Unless I'm mistaken, the 1999 Tokai incident in Japan did not involve a reactor (i.e., this wasn't anywhere near a place controlled fission was supposed to occur) but happened at a fuel processing facility owned by a mining company.

Yes and no: Tokaimura and the surrounding region Hitachi in Ibaraki Prefecture, just to the northeast of Tokyo, is the heartland of Japan's nuclear industry.

The workers may have been employed by Sumitomo Metals, but as part of a conglomerate in this case the company was assisting with creating nuclear fuel for the Joyo experimental breeder reactor, which was operated by state-owned Japan Nuclear Fuels (they changed names a few times; but in Tsuruga, where the entity operated the Tsuruga reactor, it's know as Nihon Genden). The Joyo breeder reactor is located at the large nationally-owned nuclear complex in Oarai, just south of Tokaimura.

So anyway, it wasn't at a reactor per se, but the reactor was close by. And the the nuclear core we're talking about in Los Alamos was absolutely nowhere near a nuclear reactor or a nuclear bomb.

Note: I was living in Omika, across the river from Tokai, during the fire at the reprocessing plant in 1997, and I have lived in 2 other nuclear town, Shika and Tsuruga) during my 20+ years in Japan.
posted by My Dad at 7:46 PM on May 22, 2016 [4 favorites]


Oh god I've seen pictures of this in a book of declassified photos from the Manhattan project. They took photos of his hand periodically throughout the what 72 hours he survived after this...it...well, it melted. D:
posted by sexyrobot at 8:24 PM on May 22, 2016 [3 favorites]


You know, I've heard account's of Slotkin's death a bunch of a times, but I've never had it actually explained what useful science was supposed to come out of this dumbass 'experiment'.
posted by tavella at 8:28 PM on May 22, 2016 [4 favorites]


Shouldn't I use my screwdrivers only for driving screws, one might ask, and not for, say, keeping this plutonium assembly from going critical?

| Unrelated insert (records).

Lemma st_uso_matousek S s : well_formed S -> is_matousek_uso (st_uso S s) s.
Proof.
case=> rowsP phiP orderP; rewrite /st_uso.
apply: (@is_matousek_uso_unitriangular _ (st_order S)) => i k.
rewrite mxE; case: ifP => [iJ /(rowsP _ _ iJ)/andP[]//|/negbT iJ nz].
by apply: orderP => //; apply: phiP; apply: contraNneq nz => ->; rewrite mulr0.
Qed.

Lemma st_uso_entry S s v i : st_uso S s v i 0 = (v + s) i 0 +
  (if i \in st_fixed S then \sum_k st_rows S i k * (v + s) k 0
   else s i 0 * dotv (st_phi S) (v + s)).
Proof.
rewrite /st_uso mulmxDl mul1mx mxE; congr (_ + _); rewrite mxE mulr_sumr.
by case: ifP => iJ; apply: eq_bigr => k _; rewrite mxE iJ // mulrA.
Qed.

Lemma st_uso_free S s v i : i \notin st_fixed S -> dotv (st_phi S) (v + s) = 1 ->
  st_uso S s v i 0 = v i 0.
Proof.
by move=> /negbTE iJ dot1; rewrite st_uso_entry iJ dot1 mulr1 mxE -addrA F2_addxx addr0.
Qed.

Lemma st_uso_agree S s v : well_formed S -> agree_on (st_fixed S) s (st_sink S) ->
  dotv (st_phi S) (v + st_sink S) = 1 -> st_uso S s v = st_uso S (st_sink S) v.
Proof.
case=> rowsP phiP _ E dot1; apply/matrixP => i l; rewrite (ord1 l).
have [iJ|iJ] := boolP (i \in st_fixed S); last first.
  by rewrite !st_uso_free // (dotv_agree _ phiP E).
rewrite !st_uso_entry iJ [in LHS]mxE [in RHS]mxE E //; congr (_ + _).
by apply: sum_agree E => k /(rowsP _ _ iJ)/andP[].
Qed.

Lemma st_uso_consistent S h s : well_formed S -> consistent S h ->
  agree_on (st_fixed S) s (st_sink S) -> {in h, forall p, st_uso S s p.1 = p.2}.
Proof. by move=> WF [dotP ansP _] E p ph; rewrite st_uso_agree ?dotP ?ansP. Qed.

(* Row j keeps the form e_j + b phi^T it had while uncommitted, so the
   answers already given remain valid. *)
Definition st_extend S j b phi pi : adversary_state :=
  AdvState (j |: st_fixed S) (set_coord (st_sink S) j b)
    (\matrix_(i, k) if i == j then b * st_phi S k 0 else st_rows S i k) phi pi.

Lemma st_extend_uso S j b phi pi v : well_formed S -> j \notin st_fixed S ->
  dotv (st_phi S) (v + st_sink S) = 1 -> dotv phi (v + set_coord (st_sink S) j b) = 1 ->
  st_uso (st_extend S j b phi pi) (set_coord (st_sink S) j b) v =
  st_uso S (st_sink S) v.
Proof.
case=> rowsP phiP _ jJ dot1 dot1'; set s' := set_coord _ j b.
have E : agree_on (st_fixed S) s' (st_sink S) by apply: agree_on_set_coord.
apply/matrixP => i l; rewrite (ord1 l).
have [->|ij] := eqVneq i j.
  rewrite [RHS]st_uso_free // st_uso_entry setU11 mxE set_coord_id.
  under eq_bigr do rewrite mxE eqxx -mulrA.
  rewrite -mulr_sumr -/(dotv _ _) (dotv_agree _ phiP E) dot1 mulr1.
  by rewrite -addrA F2_addxx addr0.
have [iJ|iJ] := boolP (i \in st_fixed S); last first.
  by rewrite !st_uso_free // in_setU1 negb_or ij.
rewrite !st_uso_entry /= in_setU1 (negbTE ij) iJ [in LHS]mxE [in RHS]mxE E //.
congr (_ + _); under eq_bigr do rewrite mxE (negbTE ij).
by apply: sum_agree E => k /(rowsP _ _ iJ)/andP[].
Qed.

At least he didn't use a wrench as a hammer...
posted by TheWhiteSkull at 8:41 PM on May 22, 2016 [2 favorites]


There was an incident in Austria back in the 1980s where people were sickened and died from wine that had been laced with diethylene glycol. It tastes sweet, apparently, and was added to crappy wine to make it sellable. This may be the same thing that happened with that muscatel.
posted by Blueeyed at 9:10 PM on May 22, 2016 [2 favorites]


Our president has a Nobel peace prize, and he turned around and built more of them than the Bushes combined.

The U.S. nuclear arsenal has not increased in size during the Obama presidency, and Obama canceled Bush-era plans to expand the nuclear arsenal. Obama did invest quite a bit in modernizing the U.S. nuclear arsenal, which from everything I've read was badly needed in order to reduce the risk of accidents.

I am curious to hear your source for the claim that Obama built more nuclear weapons than the Bushes combined. (It's also a bit of an odd timeframe for comparison since the U.S. has been reducing its nuclear arsenal since the fall of the Soviet Union, and the W. Bush administration deserves some credit for managing a significant chunk of that reduction -- one of the few accomplishments that administration does deserve credit for.)
posted by biogeo at 9:19 PM on May 22, 2016 [47 favorites]


I learned about this guy in a college physics class. I couldn't believe that someone could be that smart and yet that stupid at the same time. When I saw the movie, I jumped up in my seat, because I was the only one of my friends that knew what was about to happen.
posted by Cool Papa Bell at 9:35 PM on May 22, 2016


biogeo, the source is probably this recent FPP of an article by John Pilger, which does not, itself, cite a source.
posted by anastasiav at 9:41 PM on May 22, 2016 [4 favorites]


Oh right. If so, that article was filled with enough obvious falsehoods (I loved that even the thing about there being no birds was wrong) that a source with more respect for the truth would be helpful.
posted by biogeo at 10:03 PM on May 22, 2016


I suspect that if a smart person doesn't realize they can be so stupid then they assume that what they're doing is not that stupid.
posted by wotsac at 10:04 PM on May 22, 2016 [1 favorite]


But only Slotin and his co-worker Harry Daghlian, Jr., succumbed to the special hazards of the Manhattan Project. Three months to the day before Slotin’s accident, Daghlian had been working with the very same plutonium core, performing a different criticality experiment that used tungsten-carbide blocks instead of the beryllium tamper. He dropped one of the blocks, and the core briefly went critical. Daghlian took nearly a month to die.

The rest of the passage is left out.